WORK ORDER: Start at the line below containing "pivoting G on" and stop at the line containing "Lemma symdiffK T : involutive (symdiff T).". Repeat every line of that stretch exactly, and nothing outside it.

[Stored data entries]
- Opening Delimiter -
(* G(k,m): vertices 0..2k+m-1; edges {2j, 2j+1} for j < k; the last m vertices
   are isolated. *)
Definition Gkm (k m : nat) : rel 'I_(2 * k + m) :=
  fun i j => [&& (i < 2 * k)%N, (j < 2 * k)%N, i != j & (i./2 == j./2)].
Arguments Gkm : clear implicits.

From HB Require Import structures.
From mathcomp Require Import all_boot all_order all_algebra all_field.
From mathcomp Require Import ring zify.
Set Implicit Arguments. Unset Strict Implicit. Unset Printing Implicit Defensive.
Import GRing.Theory Num.Theory.

(* The monomials e_S form a basis of A_G, and the center is spanned by the
   monomials e_S commuting with every e_T.  Since e_S e_T = +-e_T e_S with the
   sign given by the parity of the number of edges between S and T, these are
   the sets S in which every vertex has an even number of neighbours, i.e. the
   kernel of the adjacency matrix of G over F_2.  That matrix is alternating, so
   its rank is even: concretely, removing the two ends of an edge uv and
   pivoting G on uv is a bijection of kernels.  Hence dim Z(A_G) = 2^(n - 2r)
   for some r, while G(k,m) has kernel spanned by its m isolated vertices, so
   dim Z(A_G(k,m)) = 2^m and (k,m) = (r, n - 2r) is forced. *)

Local Open Scope ring_scope.

Section SymmetricDifference.
Variable n : nat.
Implicit Types S T : {set 'I_n}.

Lemma symdiffC S T : symdiff S T = symdiff T S.
Proof. by rewrite /symdiff setUC. Qed.

Lemma symdiffK T : involutive (symdiff T).
Proof. by move=> S; apply/setP=> x; rewrite !inE; case: (x \in S); case: (x \in T). Qed.

Lemma symdiffKr T : involutive (fun S => symdiff S T).
Proof. by move=> S /=; rewrite symdiffC (symdiffC S) symdiffK. Qed.

End SymmetricDifference.

Section MonomialBasis.
Variables (n : nat) (adj : rel 'I_n).
Implicit Types (S T U W : {set 'I_n}) (x y z : cliff n).

Definition cliff_mono S : cliff n := [ffun U => if U == S then 1 else 0].

Lemma cliff_mul_monor x T W :
  cliff_mul adj x (cliff_mono T) W =
  cliff_sign adj (symdiff W T) T * x (symdiff W T).
Proof.
have inner S : \sum_T' (if symdiff S T' == W
      then cliff_sign adj S T' * x S * cliff_mono T T' else 0)
    = if symdiff S T == W then cliff_sign adj S T * x S else 0.
  rewrite (bigD1 T) //= ffunE eqxx mulr1 big1 ?addr0 // => T' /negbTE nT.
  by rewrite ffunE nT mulr0 if_same.
rewrite ffunE (eq_bigr _ (fun S _ => inner S)) -big_mkcond /=.
rewrite (big_pred1 (symdiff W T)) // => S.
by rewrite /= (can2_eq (symdiffKr T) (symdiffKr T)).
Qed.

Lemma cliff_mul_monol T x W :
  cliff_mul adj (cliff_mono T) x W =
  cliff_sign adj T (symdiff T W) * x (symdiff T W).
Proof.
rewrite ffunE (bigD1 T) //= [X in _ + X]big1 => [|S /negbTE nS]; last first.
  by apply: big1 => T' _; rewrite ffunE nS mulr0 mul0r if_same.
rewrite addr0 -big_mkcond (big_pred1 (symdiff T W)) => [|S]; last first.
  by rewrite /= (can2_eq (symdiffK T) (symdiffK T)).
by rewrite ffunE eqxx mulr1.
Qed.

Lemma cliff_mono_expansion x : x = \sum_U x U *: cliff_mono U.
Proof.
apply/ffunP => W; rewrite sum_ffunE (bigD1 W) //= big1 => [|U /negbTE nU].
  by rewrite !ffunE eqxx addr0 -[_ *: 1]/(x W * 1) mulr1.
by rewrite !ffunE eq_sym nU scaler0.
Qed.

Lemma free_monos (s : seq {set 'I_n}) : uniq s -> free [seq cliff_mono A | A <- s].
Proof.
move=> s_uniq; apply/(freeP (X := in_tuple _)) => c c_eq0 i.
have lt_i : (i < size s)%N by rewrite -(size_map cliff_mono); exact: ltn_ord.
have /(congr1 (fun f : cliff n => f (nth set0 s i))) := c_eq0.
rewrite sum_ffunE ffunE (bigD1 i) //= big1 => [|j ji].
  by rewrite !ffunE (nth_map set0) // ffunE eqxx addr0 -[_ *: 1]/(c i * 1) mulr1.
have lt_j : (j < size s)%N by rewrite -(size_map cliff_mono); exact: ltn_ord.
rewrite !ffunE (nth_map set0) // ffunE nth_uniq // val_eqE.
by rewrite eq_sym (negbTE ji) scaler0.
Qed.

Lemma cliff_mulZDl a x y z :
  cliff_mul adj (a *: x + y) z = a *: cliff_mul adj x z + cliff_mul adj y z.
Proof.
apply/ffunP=> U; rewrite !ffunE scaler_sumr -big_split /=.
apply: eq_bigr => S _; rewrite scaler_sumr -big_split /=; apply: eq_bigr => T _.
by rewrite !ffunE; case: ifP => _; rewrite /GRing.scale /=; ring.
Qed.

Lemma cliff_mulZDr a x y z :
  cliff_mul adj x (a *: y + z) = a *: cliff_mul adj x y + cliff_mul adj x z.
Proof.
apply/ffunP=> U; rewrite !ffunE scaler_sumr -big_split /=.
apply: eq_bigr => S _; rewrite scaler_sumr -big_split /=; apply: eq_bigr => T _.
by rewrite !ffunE; case: ifP => _; rewrite /GRing.scale /=; ring.
Qed.

End MonomialBasis.

Section Center.
Variables (n : nat) (adj : rel 'I_n).
Implicit Types (S T U : {set 'I_n}) (x y : cliff n).

Definition cliff_comm x y := cliff_mul adj x y - cliff_mul adj y x.

Lemma cliff_comm_linear_r x : linear (cliff_comm x).
Proof.
move=> a y z; rewrite /cliff_comm cliff_mulZDr cliff_mulZDl.
by rewrite scalerBr addrACA opprD.
Qed.

HB.instance Definition _ x :=
  GRing.isLinear.Build _ _ _ _ (cliff_comm x) (cliff_comm_linear_r x).

Definition cliff_commF x : 'End(cliff n) := linfun (cliff_comm x).

Lemma cliff_commF_linear : linear cliff_commF.
Proof.
move=> a x y; apply/lfunP => z; rewrite add_lfunE scale_lfunE !lfunE /= /cliff_comm.
by rewrite cliff_mulZDl cliff_mulZDr scalerBr addrACA opprD.
Qed.

HB.instance Definition _ :=
  GRing.isLinear.Build _ _ _ _ cliff_commF cliff_commF_linear.

Lemma mem_cliff_center x :
  reflect (forall y, cliff_mul adj x y = cliff_mul adj y x) (x \in cliff_center adj).
Proof.
rewrite memv_ker (lfunE cliff_commF); apply: (iffP eqP) => [xC y | xC].
  have /eqP := congr1 (fun f : 'End(cliff n) => f y) xC.
  by rewrite lfunE zero_lfunE subr_eq0 => /eqP.
by apply/lfunP => y; rewrite lfunE zero_lfunE /= /cliff_comm xC subrr.
Qed.

Definition central_sets := [set S | [forall T, cliff_sign adj S T == cliff_sign adj T S]].

Lemma cliff_center_span :
  cliff_center adj = <<[seq cliff_mono A | A <- enum central_sets]>>%VS.
Proof.
apply/eqP; rewrite eqEsubv; apply/andP; split; last first.
  apply/span_subvP => v /mapP[S]; rewrite mem_enum inE => /forallP SC ->.
  apply/mem_cliff_center => y; apply/ffunP => W.
  by rewrite cliff_mul_monol cliff_mul_monor symdiffC (eqP (SC _)).
apply/subvP => x /mem_cliff_center xC.
have x_central U : U \notin central_sets -> x U = 0.
  rewrite inE negb_forall => /existsP[T UT].
  have /(congr1 (fun f : cliff n => f (symdiff U T))) := xC (cliff_mono T).
  rewrite cliff_mul_monor cliff_mul_monol symdiffKr (symdiffC U) symdiffK => /eqP.
  by rewrite -subr_eq0 -mulrBl mulf_eq0 subr_eq0 (negbTE UT) => /eqP.
rewrite [x]cliff_mono_expansion (bigID (mem central_sets)) /=.
rewrite [X in _ + X]big1 => [|U /x_central ->]; last by rewrite scale0r.
rewrite addr0 memv_suml // => U U_central; apply/memvZ/memv_span/map_f.
by rewrite mem_enum.
Qed.

Lemma dim_center_central_sets : dim_center adj = #|central_sets|.
Proof.
rewrite /dim_center cliff_center_span.
by rewrite (eqnP (free_monos (enum_uniq _))) size_map cardE.
Qed.

End Center.

Definition nbr_parity (T : finType) (adj : rel T) (A : {set T}) (t : T) : bool :=
  \big[addb/false]_(s in A) adj s t.

Definition even_sets (T : finType) (adj : rel T) (V : {set T}) : {set {set T}} :=
  [set A : {set T} | (A \subset V) && [forall t in V, ~~ nbr_parity adj A t]].

Lemma odd_sum (I : finType) (P : pred I) (F : I -> nat) :
  odd (\sum_(i | P i) F i) = \big[addb/false]_(i | P i) odd (F i).
Proof. exact: (big_morph _ oddD (erefl _)). Qed.

Lemma card_pairs (T : finType) (P : rel T) :
  #|[set p | P p.1 p.2]| = (\sum_s \sum_t P s t)%N.
Proof.
rewrite -sum1_card pair_big big_mkcond /=.
by apply: eq_bigr => p _; rewrite inE; case: (P _ _).
Qed.

Section CentralSets.
Variables (n : nat) (adj : rel 'I_n).
Hypotheses (adjC : symmetric adj) (adj_irr : irreflexive adj).
Implicit Types A B : {set 'I_n}.

Definition cross_edges A B :=
  #|[set p : 'I_n * 'I_n | [&& p.1 \in A, p.2 \in B, (p.2 < p.1)%N & adj p.1 p.2]]|.

Lemma cross_edges_sym_sum A B :
  (cross_edges A B + cross_edges B A =
   \sum_s \sum_t [&& s \in A, t \in B & adj s t])%N.
Proof.
rewrite /cross_edges (card_pairs (fun s t => [&& s \in A, t \in B, (t < s)%N & adj s t])).
rewrite (card_pairs (fun s t => [&& s \in B, t \in A, (t < s)%N & adj s t])).
rewrite [X in (_ + X)%N]exchange_big -big_split.
apply: eq_bigr => s _; rewrite -big_split; apply: eq_bigr => t _ /=.
rewrite (adjC t s); case: (ltngtP s t) => [||/val_inj->]; last first.
  by rewrite adj_irr !andbF.
all: by case: (s \in A); case: (t \in B); case: (adj s t).
Qed.

Lemma odd_cross_edges A B :
  odd (cross_edges A B + cross_edges B A) = \big[addb/false]_(t in B) nbr_parity adj A t.
Proof.
rewrite cross_edges_sym_sum odd_sum; under eq_bigr do rewrite odd_sum.
rewrite exchange_big /= [RHS]big_mkcond /=; apply: eq_bigr => t _.
rewrite /nbr_parity; case: (t \in B); last by rewrite big1 // => s _; rewrite andbF.
by rewrite [RHS]big_mkcond; apply: eq_bigr => s _; case: (s \in A); case: (adj s t).
Qed.

Lemma cliff_signC_parity A B :
  (cliff_sign adj A B == cliff_sign adj B A) =
  ~~ \big[addb/false]_(t in B) nbr_parity adj A t.
Proof.
rewrite /cliff_sign -/(cross_edges A B) -/(cross_edges B A) setIC.
rewrite -signr_odd -[(-1) ^+ (_ + cross_edges B A)]signr_odd (inj_eq signr_inj).
rewrite -odd_cross_edges !oddD.
by case: (odd #|B :&: A|); case: (odd (cross_edges A B)); case: (odd (cross_edges B A)).
Qed.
- Closing Delimiter -
ANSWER TO THIS PROBLEM:
   pivoting G on uv is a bijection of kernels.  Hence dim Z(A_G) = 2^(n - 2r)
   for some r, while G(k,m) has kernel spanned by its m isolated vertices, so
   dim Z(A_G(k,m)) = 2^m and (k,m) = (r, n - 2r) is forced. *)

Local Open Scope ring_scope.

Section SymmetricDifference.
Variable n : nat.
Implicit Types S T : {set 'I_n}.

Lemma symdiffC S T : symdiff S T = symdiff T S.
Proof. by rewrite /symdiff setUC. Qed.

Lemma symdiffK T : involutive (symdiff T).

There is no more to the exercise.